* Problem to work on: Among the entries below, extract exactly the lines that run from the one with "(* Let $S=(x_1,x_2,\dots,x_N)$" through the one with "nonincr_pos A) #|A|.", both ends included.
# # #
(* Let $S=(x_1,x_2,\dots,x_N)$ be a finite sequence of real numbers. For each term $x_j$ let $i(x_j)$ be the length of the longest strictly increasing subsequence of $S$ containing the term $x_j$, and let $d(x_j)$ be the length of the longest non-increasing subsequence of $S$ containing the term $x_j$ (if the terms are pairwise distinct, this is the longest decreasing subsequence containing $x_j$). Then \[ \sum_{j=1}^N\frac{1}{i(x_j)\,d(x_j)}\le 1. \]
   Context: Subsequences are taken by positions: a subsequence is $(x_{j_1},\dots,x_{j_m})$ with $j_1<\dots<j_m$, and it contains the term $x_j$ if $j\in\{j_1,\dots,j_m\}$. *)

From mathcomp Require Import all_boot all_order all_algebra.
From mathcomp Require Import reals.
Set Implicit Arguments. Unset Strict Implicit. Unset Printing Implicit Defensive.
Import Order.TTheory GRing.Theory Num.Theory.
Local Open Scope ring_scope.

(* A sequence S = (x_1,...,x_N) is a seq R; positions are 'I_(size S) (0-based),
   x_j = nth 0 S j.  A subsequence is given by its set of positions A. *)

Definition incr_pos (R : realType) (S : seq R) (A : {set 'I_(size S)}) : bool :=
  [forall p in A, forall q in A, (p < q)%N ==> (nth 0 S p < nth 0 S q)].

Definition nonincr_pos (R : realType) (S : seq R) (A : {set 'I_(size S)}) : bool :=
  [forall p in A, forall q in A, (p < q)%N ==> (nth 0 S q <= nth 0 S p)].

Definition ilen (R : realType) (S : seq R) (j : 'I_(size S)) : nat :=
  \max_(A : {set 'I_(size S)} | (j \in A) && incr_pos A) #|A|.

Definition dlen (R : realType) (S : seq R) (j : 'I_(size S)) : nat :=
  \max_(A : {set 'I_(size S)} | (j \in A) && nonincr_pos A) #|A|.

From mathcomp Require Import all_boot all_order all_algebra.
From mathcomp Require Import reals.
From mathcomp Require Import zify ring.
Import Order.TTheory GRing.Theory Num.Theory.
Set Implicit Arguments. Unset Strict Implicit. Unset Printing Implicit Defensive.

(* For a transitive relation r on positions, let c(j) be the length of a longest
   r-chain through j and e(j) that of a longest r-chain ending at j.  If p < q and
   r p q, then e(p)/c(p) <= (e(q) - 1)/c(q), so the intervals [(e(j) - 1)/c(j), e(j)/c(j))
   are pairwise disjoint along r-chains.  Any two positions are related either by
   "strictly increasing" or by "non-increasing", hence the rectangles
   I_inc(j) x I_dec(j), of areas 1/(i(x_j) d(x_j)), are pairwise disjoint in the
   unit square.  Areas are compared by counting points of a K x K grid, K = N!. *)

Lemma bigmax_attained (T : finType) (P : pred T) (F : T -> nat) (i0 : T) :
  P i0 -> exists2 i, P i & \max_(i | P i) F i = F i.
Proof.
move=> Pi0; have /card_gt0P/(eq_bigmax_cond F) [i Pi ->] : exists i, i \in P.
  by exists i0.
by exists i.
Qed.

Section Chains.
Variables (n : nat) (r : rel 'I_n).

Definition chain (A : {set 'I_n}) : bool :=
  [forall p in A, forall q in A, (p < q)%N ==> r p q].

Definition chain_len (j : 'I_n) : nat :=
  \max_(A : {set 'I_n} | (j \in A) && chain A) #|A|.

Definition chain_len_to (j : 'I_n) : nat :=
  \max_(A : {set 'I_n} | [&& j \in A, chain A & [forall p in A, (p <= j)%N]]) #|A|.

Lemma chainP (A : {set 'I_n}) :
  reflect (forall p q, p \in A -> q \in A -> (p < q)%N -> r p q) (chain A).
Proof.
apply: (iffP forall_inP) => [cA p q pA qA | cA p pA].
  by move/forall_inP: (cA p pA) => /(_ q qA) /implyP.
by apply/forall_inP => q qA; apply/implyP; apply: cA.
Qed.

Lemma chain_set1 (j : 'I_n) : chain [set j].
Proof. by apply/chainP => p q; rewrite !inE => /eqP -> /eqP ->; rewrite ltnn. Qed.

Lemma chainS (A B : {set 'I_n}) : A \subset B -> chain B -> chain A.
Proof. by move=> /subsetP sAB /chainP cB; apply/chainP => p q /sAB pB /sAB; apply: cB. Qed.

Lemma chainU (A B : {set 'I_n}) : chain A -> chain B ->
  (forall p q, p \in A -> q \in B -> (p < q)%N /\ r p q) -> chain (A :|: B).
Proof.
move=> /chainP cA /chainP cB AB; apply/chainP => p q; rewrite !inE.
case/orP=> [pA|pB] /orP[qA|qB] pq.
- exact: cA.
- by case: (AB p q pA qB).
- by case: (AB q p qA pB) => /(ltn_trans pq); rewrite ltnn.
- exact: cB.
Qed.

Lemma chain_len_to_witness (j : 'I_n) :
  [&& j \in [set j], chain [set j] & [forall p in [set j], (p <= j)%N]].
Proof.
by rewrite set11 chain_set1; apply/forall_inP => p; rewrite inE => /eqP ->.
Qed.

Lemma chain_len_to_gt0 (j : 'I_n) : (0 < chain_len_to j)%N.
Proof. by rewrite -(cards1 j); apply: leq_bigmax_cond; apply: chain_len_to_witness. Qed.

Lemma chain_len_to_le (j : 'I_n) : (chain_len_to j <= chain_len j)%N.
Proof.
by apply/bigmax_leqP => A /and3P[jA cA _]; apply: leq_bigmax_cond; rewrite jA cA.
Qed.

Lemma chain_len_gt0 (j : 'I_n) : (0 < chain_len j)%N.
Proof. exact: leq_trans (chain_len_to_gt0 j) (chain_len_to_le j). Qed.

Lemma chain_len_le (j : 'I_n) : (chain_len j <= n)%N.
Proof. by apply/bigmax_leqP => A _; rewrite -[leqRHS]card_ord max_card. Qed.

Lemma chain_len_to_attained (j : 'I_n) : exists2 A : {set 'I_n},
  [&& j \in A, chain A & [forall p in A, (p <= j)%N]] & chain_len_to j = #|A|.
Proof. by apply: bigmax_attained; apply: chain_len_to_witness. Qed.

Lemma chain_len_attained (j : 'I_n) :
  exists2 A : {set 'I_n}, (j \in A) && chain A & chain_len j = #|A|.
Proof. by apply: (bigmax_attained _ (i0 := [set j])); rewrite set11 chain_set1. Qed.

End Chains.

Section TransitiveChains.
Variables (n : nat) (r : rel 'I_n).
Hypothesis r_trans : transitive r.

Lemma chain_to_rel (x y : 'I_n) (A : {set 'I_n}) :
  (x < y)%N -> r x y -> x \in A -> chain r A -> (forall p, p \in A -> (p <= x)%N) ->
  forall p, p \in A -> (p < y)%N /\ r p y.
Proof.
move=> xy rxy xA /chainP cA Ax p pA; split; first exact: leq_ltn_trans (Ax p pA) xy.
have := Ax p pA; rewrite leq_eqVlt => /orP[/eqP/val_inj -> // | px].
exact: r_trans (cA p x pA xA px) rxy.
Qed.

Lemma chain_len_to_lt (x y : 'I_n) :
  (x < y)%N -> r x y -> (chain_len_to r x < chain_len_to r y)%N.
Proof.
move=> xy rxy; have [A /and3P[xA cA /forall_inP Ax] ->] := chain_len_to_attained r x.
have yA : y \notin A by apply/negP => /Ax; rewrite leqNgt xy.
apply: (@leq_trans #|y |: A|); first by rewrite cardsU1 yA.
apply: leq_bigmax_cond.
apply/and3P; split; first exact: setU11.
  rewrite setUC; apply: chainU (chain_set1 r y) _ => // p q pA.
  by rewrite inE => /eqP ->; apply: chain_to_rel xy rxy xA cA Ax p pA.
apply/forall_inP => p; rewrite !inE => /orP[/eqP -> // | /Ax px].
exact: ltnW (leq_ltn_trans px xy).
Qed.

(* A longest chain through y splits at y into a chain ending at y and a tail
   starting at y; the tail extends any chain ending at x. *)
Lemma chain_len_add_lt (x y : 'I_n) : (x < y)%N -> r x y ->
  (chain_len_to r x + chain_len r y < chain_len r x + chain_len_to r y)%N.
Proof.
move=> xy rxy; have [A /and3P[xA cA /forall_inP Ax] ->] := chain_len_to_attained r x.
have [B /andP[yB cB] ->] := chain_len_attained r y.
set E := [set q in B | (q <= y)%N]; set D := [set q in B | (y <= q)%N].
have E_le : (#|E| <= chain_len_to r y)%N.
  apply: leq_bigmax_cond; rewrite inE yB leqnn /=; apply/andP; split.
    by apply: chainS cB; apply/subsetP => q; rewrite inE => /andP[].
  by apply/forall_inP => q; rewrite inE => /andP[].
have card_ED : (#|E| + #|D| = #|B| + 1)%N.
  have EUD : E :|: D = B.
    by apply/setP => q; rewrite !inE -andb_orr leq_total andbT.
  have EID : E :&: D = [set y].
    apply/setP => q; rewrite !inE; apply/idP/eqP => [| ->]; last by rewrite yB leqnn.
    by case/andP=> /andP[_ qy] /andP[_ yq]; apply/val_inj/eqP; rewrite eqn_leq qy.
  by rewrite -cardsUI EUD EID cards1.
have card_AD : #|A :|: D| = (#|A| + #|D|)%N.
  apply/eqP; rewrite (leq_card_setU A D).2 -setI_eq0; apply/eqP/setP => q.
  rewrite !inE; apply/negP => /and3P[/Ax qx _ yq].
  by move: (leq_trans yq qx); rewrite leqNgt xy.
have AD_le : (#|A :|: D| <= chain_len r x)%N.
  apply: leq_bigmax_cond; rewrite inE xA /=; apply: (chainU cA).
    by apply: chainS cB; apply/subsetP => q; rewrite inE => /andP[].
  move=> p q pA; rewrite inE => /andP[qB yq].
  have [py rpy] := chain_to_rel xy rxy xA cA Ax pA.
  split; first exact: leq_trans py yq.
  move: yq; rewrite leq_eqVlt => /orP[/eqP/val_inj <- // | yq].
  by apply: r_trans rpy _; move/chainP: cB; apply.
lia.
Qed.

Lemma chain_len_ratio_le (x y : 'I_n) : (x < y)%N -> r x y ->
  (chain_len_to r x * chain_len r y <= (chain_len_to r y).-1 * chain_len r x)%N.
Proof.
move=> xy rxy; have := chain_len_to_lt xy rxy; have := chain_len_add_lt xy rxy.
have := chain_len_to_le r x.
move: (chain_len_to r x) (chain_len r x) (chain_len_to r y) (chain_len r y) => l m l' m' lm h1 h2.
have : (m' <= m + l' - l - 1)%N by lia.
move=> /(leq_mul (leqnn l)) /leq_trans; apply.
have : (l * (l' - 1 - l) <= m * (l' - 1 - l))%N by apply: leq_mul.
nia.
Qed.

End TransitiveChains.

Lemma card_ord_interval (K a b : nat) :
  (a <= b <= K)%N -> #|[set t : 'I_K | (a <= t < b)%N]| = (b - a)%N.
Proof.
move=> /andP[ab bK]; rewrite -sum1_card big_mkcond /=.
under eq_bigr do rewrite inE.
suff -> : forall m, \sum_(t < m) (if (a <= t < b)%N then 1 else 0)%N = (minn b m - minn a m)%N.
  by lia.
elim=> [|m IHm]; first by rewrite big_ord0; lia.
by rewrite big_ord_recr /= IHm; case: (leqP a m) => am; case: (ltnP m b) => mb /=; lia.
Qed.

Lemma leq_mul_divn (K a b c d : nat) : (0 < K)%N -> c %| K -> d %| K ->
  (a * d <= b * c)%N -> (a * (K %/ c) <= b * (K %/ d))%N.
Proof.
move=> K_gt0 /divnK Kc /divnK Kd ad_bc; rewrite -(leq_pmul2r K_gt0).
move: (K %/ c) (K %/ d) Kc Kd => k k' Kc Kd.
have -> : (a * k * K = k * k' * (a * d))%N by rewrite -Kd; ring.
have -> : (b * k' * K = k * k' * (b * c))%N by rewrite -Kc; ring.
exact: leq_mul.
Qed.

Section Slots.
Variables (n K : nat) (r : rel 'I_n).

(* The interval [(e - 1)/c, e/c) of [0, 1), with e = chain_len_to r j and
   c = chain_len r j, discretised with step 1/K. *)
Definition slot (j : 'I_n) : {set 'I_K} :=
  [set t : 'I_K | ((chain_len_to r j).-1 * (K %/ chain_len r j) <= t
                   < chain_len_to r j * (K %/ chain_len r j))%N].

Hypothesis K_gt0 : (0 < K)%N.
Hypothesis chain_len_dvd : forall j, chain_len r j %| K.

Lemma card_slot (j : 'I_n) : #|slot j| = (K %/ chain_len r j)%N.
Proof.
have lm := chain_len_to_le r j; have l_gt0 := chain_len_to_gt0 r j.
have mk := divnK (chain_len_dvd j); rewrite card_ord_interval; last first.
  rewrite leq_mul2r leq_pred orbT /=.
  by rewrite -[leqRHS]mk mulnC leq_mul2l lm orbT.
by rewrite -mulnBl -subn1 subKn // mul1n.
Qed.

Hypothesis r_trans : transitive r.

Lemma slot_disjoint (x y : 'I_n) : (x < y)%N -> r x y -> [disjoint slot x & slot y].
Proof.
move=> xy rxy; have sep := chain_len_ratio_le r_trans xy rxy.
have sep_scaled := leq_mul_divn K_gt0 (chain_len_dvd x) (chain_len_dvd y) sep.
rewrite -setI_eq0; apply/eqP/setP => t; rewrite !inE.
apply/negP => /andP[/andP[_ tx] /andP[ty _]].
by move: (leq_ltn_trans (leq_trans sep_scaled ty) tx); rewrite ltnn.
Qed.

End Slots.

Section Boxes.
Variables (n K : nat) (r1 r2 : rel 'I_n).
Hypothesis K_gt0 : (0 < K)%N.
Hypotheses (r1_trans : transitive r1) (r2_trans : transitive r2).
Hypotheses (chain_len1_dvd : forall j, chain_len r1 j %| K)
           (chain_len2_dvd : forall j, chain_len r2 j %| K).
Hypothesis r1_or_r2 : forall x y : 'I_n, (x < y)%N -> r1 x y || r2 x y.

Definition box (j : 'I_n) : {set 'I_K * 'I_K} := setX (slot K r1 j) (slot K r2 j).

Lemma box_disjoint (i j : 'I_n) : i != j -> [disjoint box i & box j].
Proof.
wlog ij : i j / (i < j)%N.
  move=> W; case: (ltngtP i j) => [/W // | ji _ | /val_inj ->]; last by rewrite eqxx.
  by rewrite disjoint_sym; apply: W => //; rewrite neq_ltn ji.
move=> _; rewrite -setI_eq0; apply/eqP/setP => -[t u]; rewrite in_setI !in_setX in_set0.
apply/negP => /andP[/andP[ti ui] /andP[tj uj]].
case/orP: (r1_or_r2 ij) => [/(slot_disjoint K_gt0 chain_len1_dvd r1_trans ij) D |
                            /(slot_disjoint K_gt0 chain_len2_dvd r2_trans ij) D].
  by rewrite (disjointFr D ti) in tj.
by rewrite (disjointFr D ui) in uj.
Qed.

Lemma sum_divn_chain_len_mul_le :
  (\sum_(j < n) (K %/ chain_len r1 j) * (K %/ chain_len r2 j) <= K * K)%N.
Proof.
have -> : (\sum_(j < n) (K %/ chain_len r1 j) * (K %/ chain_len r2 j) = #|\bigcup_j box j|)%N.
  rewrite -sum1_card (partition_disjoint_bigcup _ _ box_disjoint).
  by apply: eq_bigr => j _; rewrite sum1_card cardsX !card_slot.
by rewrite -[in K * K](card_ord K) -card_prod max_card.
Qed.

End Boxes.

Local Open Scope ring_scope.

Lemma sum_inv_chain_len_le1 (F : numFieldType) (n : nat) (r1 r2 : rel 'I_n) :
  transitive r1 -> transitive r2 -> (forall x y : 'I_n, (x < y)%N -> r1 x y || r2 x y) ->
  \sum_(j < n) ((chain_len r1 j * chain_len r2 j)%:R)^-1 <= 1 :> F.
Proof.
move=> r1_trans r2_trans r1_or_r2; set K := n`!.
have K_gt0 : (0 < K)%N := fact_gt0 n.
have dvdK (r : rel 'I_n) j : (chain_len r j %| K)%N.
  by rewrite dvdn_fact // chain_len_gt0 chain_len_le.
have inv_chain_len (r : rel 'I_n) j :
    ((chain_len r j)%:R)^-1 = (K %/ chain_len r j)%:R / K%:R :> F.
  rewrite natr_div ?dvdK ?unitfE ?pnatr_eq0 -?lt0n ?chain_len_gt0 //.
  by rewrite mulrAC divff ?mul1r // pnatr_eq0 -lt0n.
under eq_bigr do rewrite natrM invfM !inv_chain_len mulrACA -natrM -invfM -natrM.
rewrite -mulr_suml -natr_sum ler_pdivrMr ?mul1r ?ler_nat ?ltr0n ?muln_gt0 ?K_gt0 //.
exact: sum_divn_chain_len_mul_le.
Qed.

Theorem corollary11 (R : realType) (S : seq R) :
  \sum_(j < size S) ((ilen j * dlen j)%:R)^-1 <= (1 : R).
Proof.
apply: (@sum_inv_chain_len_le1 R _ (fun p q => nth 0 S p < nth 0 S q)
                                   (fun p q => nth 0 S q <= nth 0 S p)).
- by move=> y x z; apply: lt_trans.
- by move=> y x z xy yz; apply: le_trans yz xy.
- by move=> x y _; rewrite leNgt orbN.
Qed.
# # #
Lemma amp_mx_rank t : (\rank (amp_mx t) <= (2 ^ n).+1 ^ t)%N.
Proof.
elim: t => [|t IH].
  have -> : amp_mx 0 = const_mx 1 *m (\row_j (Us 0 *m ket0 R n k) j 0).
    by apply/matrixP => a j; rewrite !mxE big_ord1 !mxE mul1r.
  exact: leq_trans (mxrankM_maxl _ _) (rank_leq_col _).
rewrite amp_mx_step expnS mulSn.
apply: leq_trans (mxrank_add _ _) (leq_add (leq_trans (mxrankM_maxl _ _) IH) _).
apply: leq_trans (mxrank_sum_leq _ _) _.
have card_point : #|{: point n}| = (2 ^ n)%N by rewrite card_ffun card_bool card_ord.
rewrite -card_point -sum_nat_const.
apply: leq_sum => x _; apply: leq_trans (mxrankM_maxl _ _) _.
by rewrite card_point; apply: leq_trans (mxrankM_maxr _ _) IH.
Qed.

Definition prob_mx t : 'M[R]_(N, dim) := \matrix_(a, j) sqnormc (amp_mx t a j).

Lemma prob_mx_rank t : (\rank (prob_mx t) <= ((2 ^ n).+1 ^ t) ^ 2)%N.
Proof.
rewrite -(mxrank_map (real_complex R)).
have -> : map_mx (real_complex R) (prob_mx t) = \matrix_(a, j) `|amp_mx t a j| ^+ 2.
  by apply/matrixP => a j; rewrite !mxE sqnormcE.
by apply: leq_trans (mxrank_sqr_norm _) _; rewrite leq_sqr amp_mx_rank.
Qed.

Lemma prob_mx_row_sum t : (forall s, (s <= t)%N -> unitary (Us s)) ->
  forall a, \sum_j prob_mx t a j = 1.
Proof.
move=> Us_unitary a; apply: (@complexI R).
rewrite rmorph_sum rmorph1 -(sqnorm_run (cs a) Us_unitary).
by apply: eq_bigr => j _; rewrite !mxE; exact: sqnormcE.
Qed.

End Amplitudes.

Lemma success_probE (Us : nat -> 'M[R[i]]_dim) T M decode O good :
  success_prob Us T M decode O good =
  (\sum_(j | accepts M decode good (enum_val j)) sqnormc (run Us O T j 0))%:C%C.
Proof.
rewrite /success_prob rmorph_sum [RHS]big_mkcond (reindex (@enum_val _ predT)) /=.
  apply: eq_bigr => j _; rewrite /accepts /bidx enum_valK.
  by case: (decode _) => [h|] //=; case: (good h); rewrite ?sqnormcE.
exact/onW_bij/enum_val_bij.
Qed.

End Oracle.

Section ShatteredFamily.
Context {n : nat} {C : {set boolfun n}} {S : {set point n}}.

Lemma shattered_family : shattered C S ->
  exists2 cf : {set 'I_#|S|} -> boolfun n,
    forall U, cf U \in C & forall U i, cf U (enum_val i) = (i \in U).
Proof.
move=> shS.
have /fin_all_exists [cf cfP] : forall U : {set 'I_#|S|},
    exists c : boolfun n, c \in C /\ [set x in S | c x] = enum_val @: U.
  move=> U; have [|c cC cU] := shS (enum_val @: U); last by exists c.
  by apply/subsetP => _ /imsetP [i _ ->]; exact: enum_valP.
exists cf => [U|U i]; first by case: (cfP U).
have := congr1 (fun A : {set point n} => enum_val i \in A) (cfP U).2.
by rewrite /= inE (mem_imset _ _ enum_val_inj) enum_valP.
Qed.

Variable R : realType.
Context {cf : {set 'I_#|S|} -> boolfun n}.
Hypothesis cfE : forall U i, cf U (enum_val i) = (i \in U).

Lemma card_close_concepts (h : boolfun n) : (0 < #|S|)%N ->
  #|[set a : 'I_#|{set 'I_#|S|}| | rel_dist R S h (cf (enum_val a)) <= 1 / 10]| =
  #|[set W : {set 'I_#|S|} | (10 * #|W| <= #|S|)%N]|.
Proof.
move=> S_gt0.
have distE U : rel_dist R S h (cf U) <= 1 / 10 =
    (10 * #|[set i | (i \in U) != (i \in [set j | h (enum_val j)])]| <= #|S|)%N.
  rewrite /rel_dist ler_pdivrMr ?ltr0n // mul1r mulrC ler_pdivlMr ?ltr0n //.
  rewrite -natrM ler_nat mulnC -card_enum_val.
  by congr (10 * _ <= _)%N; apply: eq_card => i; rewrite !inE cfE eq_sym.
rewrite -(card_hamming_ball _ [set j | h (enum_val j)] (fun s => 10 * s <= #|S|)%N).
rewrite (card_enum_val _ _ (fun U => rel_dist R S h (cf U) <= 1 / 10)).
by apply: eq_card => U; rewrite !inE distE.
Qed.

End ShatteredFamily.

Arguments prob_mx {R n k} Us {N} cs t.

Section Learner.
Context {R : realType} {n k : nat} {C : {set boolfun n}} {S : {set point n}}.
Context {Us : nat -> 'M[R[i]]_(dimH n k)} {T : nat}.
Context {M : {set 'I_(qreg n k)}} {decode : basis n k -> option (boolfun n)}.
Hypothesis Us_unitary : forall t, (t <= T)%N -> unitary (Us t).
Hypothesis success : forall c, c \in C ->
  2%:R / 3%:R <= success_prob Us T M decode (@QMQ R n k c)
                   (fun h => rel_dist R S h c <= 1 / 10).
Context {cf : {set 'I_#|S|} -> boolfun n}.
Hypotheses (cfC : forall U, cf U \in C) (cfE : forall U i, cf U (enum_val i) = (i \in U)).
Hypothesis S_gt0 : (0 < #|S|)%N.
# # #
* Task result:
(* Let $S=(x_1,x_2,\dots,x_N)$ be a finite sequence of real numbers. For each term $x_j$ let $i(x_j)$ be the length of the longest strictly increasing subsequence of $S$ containing the term $x_j$, and let $d(x_j)$ be the length of the longest non-increasing subsequence of $S$ containing the term $x_j$ (if the terms are pairwise distinct, this is the longest decreasing subsequence containing $x_j$). Then \[ \sum_{j=1}^N\frac{1}{i(x_j)\,d(x_j)}\le 1. \]
   Context: Subsequences are taken by positions: a subsequence is $(x_{j_1},\dots,x_{j_m})$ with $j_1<\dots<j_m$, and it contains the term $x_j$ if $j\in\{j_1,\dots,j_m\}$. *)

From mathcomp Require Import all_boot all_order all_algebra.
From mathcomp Require Import reals.
Set Implicit Arguments. Unset Strict Implicit. Unset Printing Implicit Defensive.
Import Order.TTheory GRing.Theory Num.Theory.
Local Open Scope ring_scope.

(* A sequence S = (x_1,...,x_N) is a seq R; positions are 'I_(size S) (0-based),
   x_j = nth 0 S j.  A subsequence is given by its set of positions A. *)

Definition incr_pos (R : realType) (S : seq R) (A : {set 'I_(size S)}) : bool :=
  [forall p in A, forall q in A, (p < q)%N ==> (nth 0 S p < nth 0 S q)].

Definition nonincr_pos (R : realType) (S : seq R) (A : {set 'I_(size S)}) : bool :=
  [forall p in A, forall q in A, (p < q)%N ==> (nth 0 S q <= nth 0 S p)].

Definition ilen (R : realType) (S : seq R) (j : 'I_(size S)) : nat :=
  \max_(A : {set 'I_(size S)} | (j \in A) && incr_pos A) #|A|.

Definition dlen (R : realType) (S : seq R) (j : 'I_(size S)) : nat :=
  \max_(A : {set 'I_(size S)} | (j \in A) && nonincr_pos A) #|A|.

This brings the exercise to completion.